Light as a Time Machine: Why Distant Means Ancient
Light travels roughly 186,000 miles per second — fast, but not instantaneous. When you look at an object one light-year away, you see it as it was one year ago. Scale that up to billions of light-years and you are literally watching the past. The galaxies JWST images in the deep field emitted that light hundreds of millions to over 13 billion years ago, so we see them as young, newly formed structures — a snapshot of the early universe preserved in photons.
This is why astronomers prize the ability to look as far as possible: the most distant objects are also the oldest, and studying them reveals how galaxies, stars, and chemical elements first formed after the Big Bang.
Redshift: Why Ancient Light Arrives as Infrared
Here is the twist: the universe has been expanding the entire time that ancient light has been traveling. As space stretches, it stretches the light waves moving through it too, shifting them toward longer, redder wavelengths — a phenomenon astronomers call redshift. Light from a galaxy that formed only a few hundred million years after the Big Bang has been traveling and stretching for over 13 billion years. What began as ultraviolet or visible light arrives at Earth shifted deep into the infrared part of the spectrum.
The amount of stretching is described by a redshift value written as ‘z’. A higher z means more stretching and therefore a more distant, more ancient source. In May 2024, Webb confirmed the galaxy JADES-GS-z14-0 at a redshift of about 14.32, placing it less than 300 million years after the Big Bang. In 2025, a galaxy called MoM-z14 broke that record with a confirmed redshift of 14.44 — light from just 280 million years after the Big Bang, making it the most distant spectroscopically confirmed galaxy ever found.

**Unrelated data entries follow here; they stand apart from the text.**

(* Let $(f^*,g^* )$ be a stationary $\hat\alpha$-discounted Nash equilibrium of a two-player continuous time stochastic game for some $\hat\alpha>0$, with $\|\mu\|>0$, and suppose: (M1) $(f^*,g^* )$ is pure, i.e. for each $s\in S$ there are $a^1_s\in A^1(s)$, $a^2_s\in A^2(s)$ with $f^*(s,a^1_s)=1$, $g^*(s,a^2_s)=1$; (M2) there exist $p_s\ge0$ with $\sum_{s\in S}p_s=1$ such that $Q(f^*,g^* )_{ss'}=\|\mu\|\,(p_{s'}-\delta(s,s'))$ for all $s,s'\in S$; (M3) for all $s\in S$, $a^1\in A^1(s)$: $\sum_{s'}p_{s'}r^1(s',a^1_{s'},a^2_{s'})\ge\sum_{s'}\left(\frac{\mu(s',s,a^1,a^2_s)}{\|\mu\|}+\delta(s,s')\right)r^1(s',a^1_{s'},a^2_{s'})$, and for all $s\in S$, $a^2\in A^2(s)$: $\sum_{s'}p_{s'}r^2(s',a^1_{s'},a^2_{s'})\ge\sum_{s'}\left(\frac{\mu(s',s,a^1_s,a^2)}{\|\mu\|}+\delta(s,s')\right)r^2(s',a^1_{s'},a^2_{s'})$. Then $(f^*,g^* )$ is a Blackwell-Nash equilibrium.
   Context: A two-player continuous time stochastic game consists of a finite state set $S$, finite nonempty action sets $A^1(s),A^2(s)$, reward rates $r^i(s,a^1,a^2)$ ($i=1,2$), and transition rates $\mu(s',s,a^1,a^2)\ge0$ from $s$ to $s'\ne s$, with $\mu(s,s,a^1,a^2)=-\sum_{s'\ne s}\mu(s',s,a^1,a^2)$. Let $\|\mu\|=\max_{s,a^1,a^2}\sum_{s'\ne s}\mu(s',s,a^1,a^2)$ and let $\delta(s,s')$ be the Kronecker delta. Stationary strategies $f,g$ assign to each state a probability distribution on $A^1(s)$, resp. $A^2(s)$. For a stationary pair, $r^i(s,f,g)=\sum_{a^1,a^2}f(s,a^1)g(s,a^2)r^i(s,a^1,a^2)$ and $Q(f,g)$ is the generator matrix with $Q(f,g)_{ss'}=\sum_{a^1,a^2}f(s,a^1)g(s,a^2)\mu(s',s,a^1,a^2)$. For $\alpha>0$ the $\alpha$-discounted payoff is $v^i_\alpha(f,g)=(\alpha I-Q(f,g))^{-1}r^i(f,g)$ (equivalently $E^s_{f,g}\int_0^\infty e^{-\alpha t}r^i(s_t,f,g)dt$). A stationary pair $(f^*,g^* )$ is an $\alpha$-discounted Nash equilibrium if for all $s$, $v^1_\alpha(s,f^*,g^* )\ge v^1_\alpha(s,f,g^* )$ for all stationary $f$ and $v^2_\alpha(s,f^*,g^* )\ge v^2_\alpha(s,f^*,g)$ for all stationary $g$. It is a Blackwell-Nash equilibrium (BNE) if there is $\alpha_0>0$ such that it is an $\alpha$-discounted Nash equilibrium for all $\alpha\in(0,\alpha_0]$. *)

From HB Require Import structures.
From mathcomp Require Import all_boot all_order all_algebra.
Set Implicit Arguments. Unset Strict Implicit. Unset Printing Implicit Defensive.
Import Order.TTheory GRing.Theory Num.Theory.
Local Open Scope ring_scope.

Section Game.
Variables (R : realFieldType) (n : nat) (A1 A2 : finType).
Variables (As1 : 'I_n -> {set A1}) (As2 : 'I_n -> {set A2}).
(* off-diagonal transition rates: mu s' s a1 a2 = rate from s to s' (s' <> s);
   the value for s' = s is ignored and replaced as in the paper *)
Variable mu : 'I_n -> 'I_n -> A1 -> A2 -> R.

Definition delta (s s' : 'I_n) : R := if s == s' then 1 else 0.

Definition muf (s' s : 'I_n) (a1 : A1) (a2 : A2) : R :=
  if s' == s then - \sum_(t < n | t != s) mu t s a1 a2 else mu s' s a1 a2.

Definition normmu : R :=
  \big[Num.max/0]_(s < n) \big[Num.max/0]_(a1 in As1 s)
     \big[Num.max/0]_(a2 in As2 s) \sum_(t < n | t != s) mu t s a1 a2.

Definition is_strat1 (f : 'I_n -> A1 -> R) : Prop :=
  forall s, (forall a, 0 <= f s a) /\ (forall a, a \notin As1 s -> f s a = 0)
            /\ \sum_(a in As1 s) f s a = 1.
Definition is_strat2 (g : 'I_n -> A2 -> R) : Prop :=
  forall s, (forall a, 0 <= g s a) /\ (forall a, a \notin As2 s -> g s a = 0)
            /\ \sum_(a in As2 s) g s a = 1.

Definition rew (r : 'I_n -> A1 -> A2 -> R) (f : 'I_n -> A1 -> R)
  (g : 'I_n -> A2 -> R) (s : 'I_n) : R :=
  \sum_(a1 in As1 s) \sum_(a2 in As2 s) f s a1 * g s a2 * r s a1 a2.

Definition Qgen (f : 'I_n -> A1 -> R) (g : 'I_n -> A2 -> R) : 'M[R]_n :=
  \matrix_(s, s') \sum_(a1 in As1 s) \sum_(a2 in As2 s)
      f s a1 * g s a2 * muf s' s a1 a2.

Definition vdisc (r : 'I_n -> A1 -> A2 -> R) (alpha : R)
  (f : 'I_n -> A1 -> R) (g : 'I_n -> A2 -> R) (s : 'I_n) : R :=
  (invmx (alpha%:M - Qgen f g) *m (\col_(t < n) rew r f g t)) s 0.

Definition disc_nash (r1 r2 : 'I_n -> A1 -> A2 -> R) (alpha : R)
  (f : 'I_n -> A1 -> R) (g : 'I_n -> A2 -> R) : Prop :=
  forall s,
    (forall f', is_strat1 f' -> vdisc r1 alpha f' g s <= vdisc r1 alpha f g s) /\
    (forall g', is_strat2 g' -> vdisc r2 alpha f g' s <= vdisc r2 alpha f g s).

Definition blackwell_nash (r1 r2 : 'I_n -> A1 -> A2 -> R)
  (f : 'I_n -> A1 -> R) (g : 'I_n -> A2 -> R) : Prop :=
  exists2 alpha0 : R, 0 < alpha0 &
    forall alpha : R, 0 < alpha -> alpha <= alpha0 -> disc_nash r1 r2 alpha f g.

End Game.

(* Under (M2) the equilibrium chain jumps at rate m = ||mu|| to the fixed
   distribution p, so its alpha-discounted value is explicit:
   v_alpha = (r* + (m / alpha) <p, r*>) / (alpha + m).  Since alpha I - Q is an
   M-matrix (minimum principle), a stationary strategy of player 1 cannot beat
   v_alpha iff for every state s and action a the gap
   alpha v_alpha(s) - sum_t mu(t,s,a,a2_s) v_alpha(t) - r1(s,a,a2_s) is
   nonnegative; and the gap is nonnegative at alpha-hat because f*, g* form an
   alpha-hat equilibrium (deviate in s only).  Up to the factor 1/(alpha + m)
   the gap is affine in alpha, and (M3) bounds its value at alpha = 0 below by
   m (r*(s) - r1(s,a,a2_s)); so it stays nonnegative on the whole of
   (0, alpha-hat].  Player 2 is handled by exchanging the roles of the
   players. *)
From mathcomp Require Import all_boot all_order all_algebra.
From mathcomp Require Import ring lra.
Import Order.TTheory GRing.Theory Num.Theory.
Local Open Scope ring_scope.
Set Implicit Arguments. Unset Strict Implicit.

Section Generator.
Variables (R : realFieldType) (n : nat).

Definition generator (Q : 'M[R]_n) :=
  (forall s s', s != s' -> 0 <= Q s s') /\ (forall s, \sum_t Q s t = 0).

Lemma scalar_subMmxE (a : R) (Q : 'M[R]_n) (x : 'cV[R]_n) s :
  ((a%:M - Q) *m x) s 0 = a * x s 0 - \sum_t Q s t * x t 0.
Proof. by rewrite mulmxBl mul_scalar_mx !mxE. Qed.

Variables (Q : 'M[R]_n) (a : R).
Hypotheses (genQ : generator Q) (a_gt0 : 0 < a).

(* At a minimal entry x i, sum_t Q i t x t >= (sum_t Q i t) x i = 0. *)
Lemma generator_minimum_principle (x : 'cV[R]_n) :
  (forall s, 0 <= ((a%:M - Q) *m x) s 0) -> forall s, 0 <= x s 0.
Proof.
have [Qoff Qrow] := genQ; move=> Hx s.
have [i _ i_min] := @arg_minP _ _ _ s predT (fun i => x i 0) isT.
apply: le_trans (i_min s isT); have := Hx i; rewrite scalar_subMmxE.
have -> : \sum_t Q i t * x t 0 =
          \sum_t Q i t * (x t 0 - x i 0) + (\sum_t Q i t) * x i 0.
  by rewrite big_distrl -big_split /=; apply: eq_bigr => t _; ring.
have sum_ge0 : 0 <= \sum_t Q i t * (x t 0 - x i 0).
  apply: sumr_ge0 => t _; have [<-|ne] := eqVneq i t; first by rewrite subrr mulr0.
  by rewrite mulr_ge0 ?Qoff // subr_ge0 i_min.
rewrite Qrow mul0r addr0 => ax_ge; rewrite -(pmulr_rge0 _ a_gt0); lra.
Qed.

Lemma generator_resolvent_unit : (a%:M - Q) \in unitmx.
Proof.
rewrite -unitmx_tr -row_free_unit -kermx_eq0; apply/eqP/matrixP => i j.
have kerM := mulmx_ker (a%:M - Q)^T.
set K := kermx _ in kerM *; set u := (row i K)^T.
have Mu0 : (a%:M - Q) *m u = 0.
  by rewrite /u -[a%:M - Q]trmxK -trmx_mul -row_mul kerM row0 trmx0.
have u_ge0 := generator_minimum_principle (x := u).
have Nu_ge0 := generator_minimum_principle (x := - u).
rewrite Mu0 in u_ge0; rewrite mulmxN Mu0 oppr0 in Nu_ge0.
have zero_ge0 (t : 'I_n) : 0 <= (0 : 'cV[R]_n) t 0 by rewrite mxE.
have := u_ge0 zero_ge0 j; have := Nu_ge0 zero_ge0 j.
by rewrite /u !mxE; lra.
Qed.

Lemma resolvent_le (r u : 'cV[R]_n) :
  (forall t, r t 0 <= a * u t 0 - \sum_t' Q t t' * u t' 0) ->
  forall t, (invmx (a%:M - Q) *m r) t 0 <= u t 0.
Proof.
move=> Hr t; set v := invmx _ *m r.
have Mv : (a%:M - Q) *m v = r by rewrite /v mulKVmx ?generator_resolvent_unit.
suff : 0 <= (u - v) t 0 by rewrite !mxE subr_ge0.
apply: generator_minimum_principle => s;
rewrite mulmxBr Mv mxE [X in _ + X]mxE scalar_subMmxE; have := Hr s; lra.
Qed.

(* Otherwise (a I - Q) (v - u) >= 0 for the resolvent v, so v >= u by the
   minimum principle; hence v = u, contradicting the strict inequality at s. *)
Lemma resolvent_le_at (r u : 'cV[R]_n) s :
  (forall t, t != s -> r t 0 = a * u t 0 - \sum_t' Q t t' * u t' 0) ->
  (forall t, (invmx (a%:M - Q) *m r) t 0 <= u t 0) ->
  r s 0 <= a * u s 0 - \sum_t' Q s t' * u t' 0.
Proof.
move=> Hr Hle; rewrite leNgt; apply/negP => gt_s.
pose v := invmx (a%:M - Q) *m r.
have Mv : (a%:M - Q) *m v = r by rewrite /v mulKVmx ?generator_resolvent_unit.
have Mvu t : ((a%:M - Q) *m (v - u)) t 0 =
             r t 0 - (a * u t 0 - \sum_t' Q t t' * u t' 0).
  by rewrite mulmxBr Mv mxE [X in _ + X]mxE scalar_subMmxE.
have vu0 : v - u = 0.
  apply/matrixP => i j; rewrite (ord1 j) [RHS]mxE; apply/eqP; rewrite eq_le.
  apply/andP; split; first by rewrite mxE [X in _ + X]mxE subr_le0 Hle.
  apply: generator_minimum_principle => t; rewrite Mvu.
  by have [->|ne] := eqVneq t s; [lra | rewrite Hr // subrr].
by have := Mvu s; rewrite vu0 mulmx0 mxE; lra.
Qed.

Visible-light telescopes like Hubble struggle to detect these objects at all because the ancient light has shifted completely out of the visible range. JWST’s entire design is built around capturing the infrared wavelengths where that light now lives.
JWST’s Engineering: Built to Catch Invisible Light
Webb observes wavelengths from roughly 0.6 to 28 micrometers — from the edge of visible red light through the mid-infrared — using three main science instruments. NIRCam (Near-Infrared Camera) is the primary imager for distant galaxies, covering roughly 0.6 to 5 micrometers. MIRI (Mid-Infrared Instrument) probes deeper infrared wavelengths from about 5 to 28 micrometers and is especially useful for dust, cool objects, and exoplanet atmospheres. NIRSpec (Near-Infrared Spectrograph) splits light into spectra, letting astronomers precisely measure a galaxy’s redshift and chemical fingerprint.
The primary mirror measures 6.5 meters (about 21 feet) across — roughly six times larger in collecting area than Hubble’s — and is made of 18 hexagonal beryllium segments, each coated with a microscopically thin layer of gold. Gold reflects infrared light exceptionally well, and the total gold used across all 18 segments weighs roughly as much as a golf ball. The segments fold up for launch and then unfurl and align to nanometer-level precision in space.
Because infrared means heat, Webb itself must be kept extremely cold — otherwise the telescope would detect its own warmth and be blinded. The solution is a five-layer sunshield approximately the size of a tennis court, which blocks heat from the Sun, Earth, and Moon simultaneously. Webb orbits the second Lagrange point (L2), a gravitationally stable location about 1 million miles from Earth, where the sunshield can permanently face the Sun and keep the mirror and instruments chilled to around -233°C (-387°F). Webb launched on December 25, 2021, aboard an Ariane 5 rocket and reached its L2 orbit about a month later.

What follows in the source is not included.